== Material provided ==

(* Let $n>0$ and let $\{p_j:j\le n\}$ be pairwise Rudin–Keisler incomparable selective ultrafilters on $\omega$. For each $j\le n$ let $\{a^j_k:k\in\omega\}\in p_j$ be a strictly increasing sequence with $a^j_k>k$ for every $k\in\omega$. Then there is a family $\{I_j:j\le n\}$ of subsets of $\omega$ such that (i) $\{a^j_k:k\in I_j\}\in p_j$ for each $j\le n$; and (ii) the intervals $[k,a^j_k]$ for $j\le n$, $k\in I_j$ are pairwise disjoint intervals of $\omega$.
   Context: A selective ultrafilter is a free ultrafilter $p$ on $\omega$ such that for every partition $\{A_n:n\in\omega\}$ of $\omega$ either some $A_n\in p$ or there is $B\in p$ with $|B\cap A_n|=1$ for every $n$. For $p,q$ free ultrafilters, $p\le_{RK}q$ if there is $f:\omega\to\omega$ with $p=\{A\subseteq\omega: f^{-1}(A)\in q\}$; $p,q$ are incomparable if neither $p\le_{RK}q$ nor $q\le_{RK}p$. $[k,a]$ denotes $\{i\in\omega:k\le i\le a\}$. *)

From Stdlib Require Import Arith.

Definition subset_nat := nat -> Prop.

Definition free_ultrafilter (p : subset_nat -> Prop) : Prop :=
  p (fun _ => True) /\
  ~ p (fun _ => False) /\
  (forall A B : subset_nat, p A -> (forall x, A x -> B x) -> p B) /\
  (forall A B : subset_nat, p A -> p B -> p (fun x => A x /\ B x)) /\
  (forall A : subset_nat, p A \/ p (fun x => ~ A x)) /\
  (forall m : nat, ~ p (fun x => x = m)).

Definition is_partition (A : nat -> subset_nat) : Prop :=
  (forall n, exists x, A n x) /\
  (forall n m x, n <> m -> A n x -> A m x -> False) /\
  (forall x, exists n, A n x).

Definition selective (p : subset_nat -> Prop) : Prop :=
  free_ultrafilter p /\
  forall A : nat -> subset_nat, is_partition A ->
    (exists n, p (A n)) \/
    (exists B : subset_nat, p B /\
       forall n, exists! x, B x /\ A n x).

Definition RK_le (p q : subset_nat -> Prop) : Prop :=
  exists f : nat -> nat, forall A : subset_nat, p A <-> q (fun x => A (f x)).

Definition RK_incomparable (p q : subset_nat -> Prop) : Prop :=
  ~ RK_le p q /\ ~ RK_le q p.

Definition interval (k a : nat) : subset_nat := fun i => k <= i <= a.

(* Cut omega into consecutive blocks [b_i, b_(i+1)) so long that every a^j
   maps block i into blocks i or i+1; with pi the block index, the interval
   [k, a^j_k] then meets only the blocks pi(a^j_k) - 1 and pi(a^j_k).  It
   therefore suffices to pick sets in the p_j on whose elements pi takes values
   at mutual distance >= 2.  Selectivity makes pi injective on a set in p_j, and
   restricting to one parity class separates the elements of a single p_j.  For
   j <> j', if no set V of block indices separated pi(p_j) from pi(p_j') shifted
   by d, the two image ultrafilters would coincide and, pi being injective on a
   set in p_j, p_j <=_RK p_j' would follow; hence the block indices coming from
   different p_j can be kept at distance >= 2 as well. *)

From Stdlib Require Import Arith Lia ClassicalEpsilon.

Definition injective_on (C : subset_nat) (f : nat -> nat) : Prop :=
  forall x y, C x -> C y -> f x = f y -> x = y.

Definition finite_fibers (f : nat -> nat) : Prop :=
  forall m, exists N, forall x, f x = m -> x < N.

Definition apart (f : nat -> nat) (x y : nat) : Prop :=
  f x + 2 <= f y \/ f y + 2 <= f x.

Lemma guarded_choice {A B : Type} (b : B) (P : A -> Prop) (R : A -> B -> Prop) :
  (forall x, P x -> exists y, R x y) -> exists f : A -> B, forall x, P x -> R x (f x).
Proof.
  intros H.
  destruct (choice (fun x y => P x -> R x y)) as [f Hf]; [|now exists f].
  intros x; destruct (classic (P x)) as [Px|nPx].
  - destruct (H x Px) as [y Hy]; now exists y.
  - now exists b.
Qed.

Section Ultrafilter.

Variable p : subset_nat -> Prop.
Hypothesis p_uf : free_ultrafilter p.

Lemma uf_superset (A B : subset_nat) : p A -> (forall x, A x -> B x) -> p B.
Proof. apply p_uf. Qed.

Lemma uf_meet (A B : subset_nat) : p A -> p B -> p (fun x => A x /\ B x).
Proof. apply p_uf. Qed.

Lemma uf_compl (A : subset_nat) : p A \/ p (fun x => ~ A x).
Proof. apply p_uf. Qed.

Lemma uf_not_compl (A : subset_nat) : p A -> p (fun x => ~ A x) -> False.
Proof.
  intros HA HnA; apply p_uf.
  apply (uf_superset _ _ (uf_meet _ _ HA HnA)); now intros x [].
Qed.

Lemma uf_agree (C A B : subset_nat) :
  p C -> (forall x, C x -> A x -> B x) -> p A -> p B.
Proof.
  intros HC HAB HA; apply (uf_superset _ _ (uf_meet _ _ HC HA)).
  intros x []; auto.
Qed.

Lemma uf_not_bounded (N : nat) : ~ p (fun x => x < N).
Proof.
  induction N as [|N IH]; intros HN.
  - apply p_uf; apply (uf_superset _ _ HN); lia.
  - destruct (uf_compl (fun x => x < N)) as [HlN|HgeN]; [easy|].
    apply (proj2 (proj2 (proj2 (proj2 (proj2 p_uf)))) N).
    apply (uf_superset _ _ (uf_meet _ _ HN HgeN)); intros x []; lia.
Qed.

Lemma uf_meet_upto (C : subset_nat) (D : nat -> subset_nat) (P : nat -> Prop) m :
  p C -> (forall j, j <= m -> P j -> p (D j)) ->
  p (fun x => C x /\ forall j, j <= m -> P j -> D j x).
Proof.
  intros HC; induction m as [|m IH]; intros HD.
  - destruct (classic (P 0)) as [P0|nP0].
    + apply (uf_superset _ _ (uf_meet _ _ HC (HD 0 (le_n 0) P0))).
      intros x [Cx Dx]; split; [easy|]; intros j hj _; now replace j with 0 by lia.
    + apply (uf_superset _ _ HC); intros x Cx; split; [easy|].
      intros j hj Pj; replace j with 0 in Pj by lia; contradiction.
  - assert (Hm := IH (fun j hj => HD j (le_S _ _ hj))).
    destruct (classic (P (S m))) as [PSm|nPSm].
    + apply (uf_superset _ _ (uf_meet _ _ Hm (HD _ (le_n _) PSm))).
      intros x [[Cx Dx] DSx]; split; [easy|]; intros j hj Pj.
      destruct (Nat.eq_dec j (S m)) as [->|]; [easy|]; apply Dx; [lia|easy].
    + apply (uf_superset _ _ Hm); intros x [Cx Dx]; split; [easy|]; intros j hj Pj.
      destruct (Nat.eq_dec j (S m)) as [->|]; [contradiction|]; apply Dx; [lia|easy].
Qed.

Lemma uf_even_or_odd : exists e, p (fun x => Nat.even x = e).
Proof.
  destruct (uf_compl (fun x => Nat.even x = true)) as [H|H]; [now exists true|].
  exists false; apply (uf_superset _ _ H); intros x; now destruct (Nat.even x).
Qed.

(* [g] pulls a point of [C] back from its [f]-image, so [h := g \o g'] witnesses
   [p <=_RK q] as soon as [f] and [g'] push [p] and [q] to the same ultrafilter. *)
Lemma RK_le_of_image_eq (q : subset_nat -> Prop) (C : subset_nat) (f g' : nat -> nat) :
  p C -> injective_on C f ->
  (forall V : subset_nat, p (fun x => V (f x)) <-> q (fun x => V (g' x))) ->
  RK_le p q.
Proof.
  intros HC Hinj Himg.
  set (g := fun m => epsilon (inhabits 0) (fun x => C x /\ f x = m)).
  assert (Hg : forall x, C x -> g (f x) = x).
  { intros x Cx.
    assert (C (g (f x)) /\ f (g (f x)) = f x) as [Cg fg]
      by (apply (epsilon_spec (inhabits 0) (fun y => C y /\ f y = f x)); now exists x).
    now apply Hinj. }
  exists (fun x => g (g' x)); intros A; rewrite <- (Himg (fun m => A (g m))).
  split; apply uf_agree with C; try easy; intros x Cx; now rewrite Hg.
Qed.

== Requirement ==
Would you please write out, exactly and with no other lines, the stretch of the listing above from the line containing "restricting to one" through the line containing "From Stdlib Require Import Arith Lia"?

== Reply to the task ==
   restricting to one parity class separates the elements of a single p_j.  For
   j <> j', if no set V of block indices separated pi(p_j) from pi(p_j') shifted
   by d, the two image ultrafilters would coincide and, pi being injective on a
   set in p_j, p_j <=_RK p_j' would follow; hence the block indices coming from
   different p_j can be kept at distance >= 2 as well. *)

From Stdlib Require Import Arith Lia ClassicalEpsilon.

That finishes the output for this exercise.